[Exercise instructions]
All of the entries below must be copied out exactly.
── Data for review
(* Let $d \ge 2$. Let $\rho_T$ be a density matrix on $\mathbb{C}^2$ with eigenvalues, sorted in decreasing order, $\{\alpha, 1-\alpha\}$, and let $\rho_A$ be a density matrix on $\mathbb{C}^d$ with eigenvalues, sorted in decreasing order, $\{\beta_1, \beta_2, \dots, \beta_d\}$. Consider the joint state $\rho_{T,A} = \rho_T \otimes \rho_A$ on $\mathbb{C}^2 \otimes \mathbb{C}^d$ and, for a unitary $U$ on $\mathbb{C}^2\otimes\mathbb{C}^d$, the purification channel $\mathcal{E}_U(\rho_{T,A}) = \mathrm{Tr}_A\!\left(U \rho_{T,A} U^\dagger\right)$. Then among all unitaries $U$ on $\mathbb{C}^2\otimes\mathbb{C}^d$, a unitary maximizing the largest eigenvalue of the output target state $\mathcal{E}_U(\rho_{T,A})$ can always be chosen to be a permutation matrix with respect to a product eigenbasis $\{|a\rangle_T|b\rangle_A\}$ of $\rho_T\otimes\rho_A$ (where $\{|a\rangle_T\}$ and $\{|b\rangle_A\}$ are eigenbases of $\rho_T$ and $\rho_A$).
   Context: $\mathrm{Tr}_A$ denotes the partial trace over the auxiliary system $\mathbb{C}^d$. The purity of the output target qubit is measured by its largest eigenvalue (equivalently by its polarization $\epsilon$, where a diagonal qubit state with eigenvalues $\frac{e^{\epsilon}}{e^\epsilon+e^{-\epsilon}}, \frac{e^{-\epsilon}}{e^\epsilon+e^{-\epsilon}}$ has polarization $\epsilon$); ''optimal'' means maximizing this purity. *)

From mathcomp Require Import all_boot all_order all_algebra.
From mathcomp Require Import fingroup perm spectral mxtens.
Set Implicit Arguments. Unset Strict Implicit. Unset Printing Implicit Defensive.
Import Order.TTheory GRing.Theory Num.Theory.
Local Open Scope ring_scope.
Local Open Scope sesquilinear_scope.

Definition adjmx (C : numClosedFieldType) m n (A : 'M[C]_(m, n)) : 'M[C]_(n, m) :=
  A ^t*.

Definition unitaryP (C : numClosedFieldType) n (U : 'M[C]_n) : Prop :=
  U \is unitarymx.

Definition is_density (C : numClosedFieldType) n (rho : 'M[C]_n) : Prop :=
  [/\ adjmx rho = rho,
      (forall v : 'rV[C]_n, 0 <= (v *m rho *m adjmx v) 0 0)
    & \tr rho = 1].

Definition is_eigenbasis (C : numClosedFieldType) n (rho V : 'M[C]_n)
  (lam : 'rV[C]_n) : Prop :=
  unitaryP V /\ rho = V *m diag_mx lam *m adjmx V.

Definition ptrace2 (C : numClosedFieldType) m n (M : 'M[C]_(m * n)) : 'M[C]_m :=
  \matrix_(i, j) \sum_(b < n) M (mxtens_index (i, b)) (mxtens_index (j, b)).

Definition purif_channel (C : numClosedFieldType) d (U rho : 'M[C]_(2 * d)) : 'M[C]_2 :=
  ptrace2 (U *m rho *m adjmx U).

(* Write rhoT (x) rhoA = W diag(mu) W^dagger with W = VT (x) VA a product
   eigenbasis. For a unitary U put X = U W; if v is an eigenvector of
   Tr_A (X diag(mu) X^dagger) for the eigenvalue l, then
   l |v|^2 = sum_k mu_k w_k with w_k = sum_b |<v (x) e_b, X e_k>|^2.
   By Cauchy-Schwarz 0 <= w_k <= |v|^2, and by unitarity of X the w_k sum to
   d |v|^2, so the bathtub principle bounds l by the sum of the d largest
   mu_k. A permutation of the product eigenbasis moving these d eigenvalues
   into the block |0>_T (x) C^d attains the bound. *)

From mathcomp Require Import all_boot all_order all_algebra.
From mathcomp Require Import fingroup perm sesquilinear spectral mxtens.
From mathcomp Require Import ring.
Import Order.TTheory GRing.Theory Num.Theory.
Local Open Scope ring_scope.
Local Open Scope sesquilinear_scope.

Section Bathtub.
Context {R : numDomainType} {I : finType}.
────
[Solution for this task]
(* Let $d \ge 2$. Let $\rho_T$ be a density matrix on $\mathbb{C}^2$ with eigenvalues, sorted in decreasing order, $\{\alpha, 1-\alpha\}$, and let $\rho_A$ be a density matrix on $\mathbb{C}^d$ with eigenvalues, sorted in decreasing order, $\{\beta_1, \beta_2, \dots, \beta_d\}$. Consider the joint state $\rho_{T,A} = \rho_T \otimes \rho_A$ on $\mathbb{C}^2 \otimes \mathbb{C}^d$ and, for a unitary $U$ on $\mathbb{C}^2\otimes\mathbb{C}^d$, the purification channel $\mathcal{E}_U(\rho_{T,A}) = \mathrm{Tr}_A\!\left(U \rho_{T,A} U^\dagger\right)$. Then among all unitaries $U$ on $\mathbb{C}^2\otimes\mathbb{C}^d$, a unitary maximizing the largest eigenvalue of the output target state $\mathcal{E}_U(\rho_{T,A})$ can always be chosen to be a permutation matrix with respect to a product eigenbasis $\{|a\rangle_T|b\rangle_A\}$ of $\rho_T\otimes\rho_A$ (where $\{|a\rangle_T\}$ and $\{|b\rangle_A\}$ are eigenbases of $\rho_T$ and $\rho_A$).
   Context: $\mathrm{Tr}_A$ denotes the partial trace over the auxiliary system $\mathbb{C}^d$. The purity of the output target qubit is measured by its largest eigenvalue (equivalently by its polarization $\epsilon$, where a diagonal qubit state with eigenvalues $\frac{e^{\epsilon}}{e^\epsilon+e^{-\epsilon}}, \frac{e^{-\epsilon}}{e^\epsilon+e^{-\epsilon}}$ has polarization $\epsilon$); ''optimal'' means maximizing this purity. *)

From mathcomp Require Import all_boot all_order all_algebra.
From mathcomp Require Import fingroup perm spectral mxtens.
Set Implicit Arguments. Unset Strict Implicit. Unset Printing Implicit Defensive.
Import Order.TTheory GRing.Theory Num.Theory.
Local Open Scope ring_scope.
Local Open Scope sesquilinear_scope.

Definition adjmx (C : numClosedFieldType) m n (A : 'M[C]_(m, n)) : 'M[C]_(n, m) :=
  A ^t*.

Definition unitaryP (C : numClosedFieldType) n (U : 'M[C]_n) : Prop :=
  U \is unitarymx.

Definition is_density (C : numClosedFieldType) n (rho : 'M[C]_n) : Prop :=
  [/\ adjmx rho = rho,
      (forall v : 'rV[C]_n, 0 <= (v *m rho *m adjmx v) 0 0)
    & \tr rho = 1].

Definition is_eigenbasis (C : numClosedFieldType) n (rho V : 'M[C]_n)
  (lam : 'rV[C]_n) : Prop :=
  unitaryP V /\ rho = V *m diag_mx lam *m adjmx V.

Definition ptrace2 (C : numClosedFieldType) m n (M : 'M[C]_(m * n)) : 'M[C]_m :=
  \matrix_(i, j) \sum_(b < n) M (mxtens_index (i, b)) (mxtens_index (j, b)).

Definition purif_channel (C : numClosedFieldType) d (U rho : 'M[C]_(2 * d)) : 'M[C]_2 :=
  ptrace2 (U *m rho *m adjmx U).

(* Write rhoT (x) rhoA = W diag(mu) W^dagger with W = VT (x) VA a product
   eigenbasis. For a unitary U put X = U W; if v is an eigenvector of
   Tr_A (X diag(mu) X^dagger) for the eigenvalue l, then
   l |v|^2 = sum_k mu_k w_k with w_k = sum_b |<v (x) e_b, X e_k>|^2.
   By Cauchy-Schwarz 0 <= w_k <= |v|^2, and by unitarity of X the w_k sum to
   d |v|^2, so the bathtub principle bounds l by the sum of the d largest
   mu_k. A permutation of the product eigenbasis moving these d eigenvalues
   into the block |0>_T (x) C^d attains the bound. *)

From mathcomp Require Import all_boot all_order all_algebra.
From mathcomp Require Import fingroup perm sesquilinear spectral mxtens.
From mathcomp Require Import ring.
Import Order.TTheory GRing.Theory Num.Theory.
Local Open Scope ring_scope.
Local Open Scope sesquilinear_scope.

Section Bathtub.
Context {R : numDomainType} {I : finType}.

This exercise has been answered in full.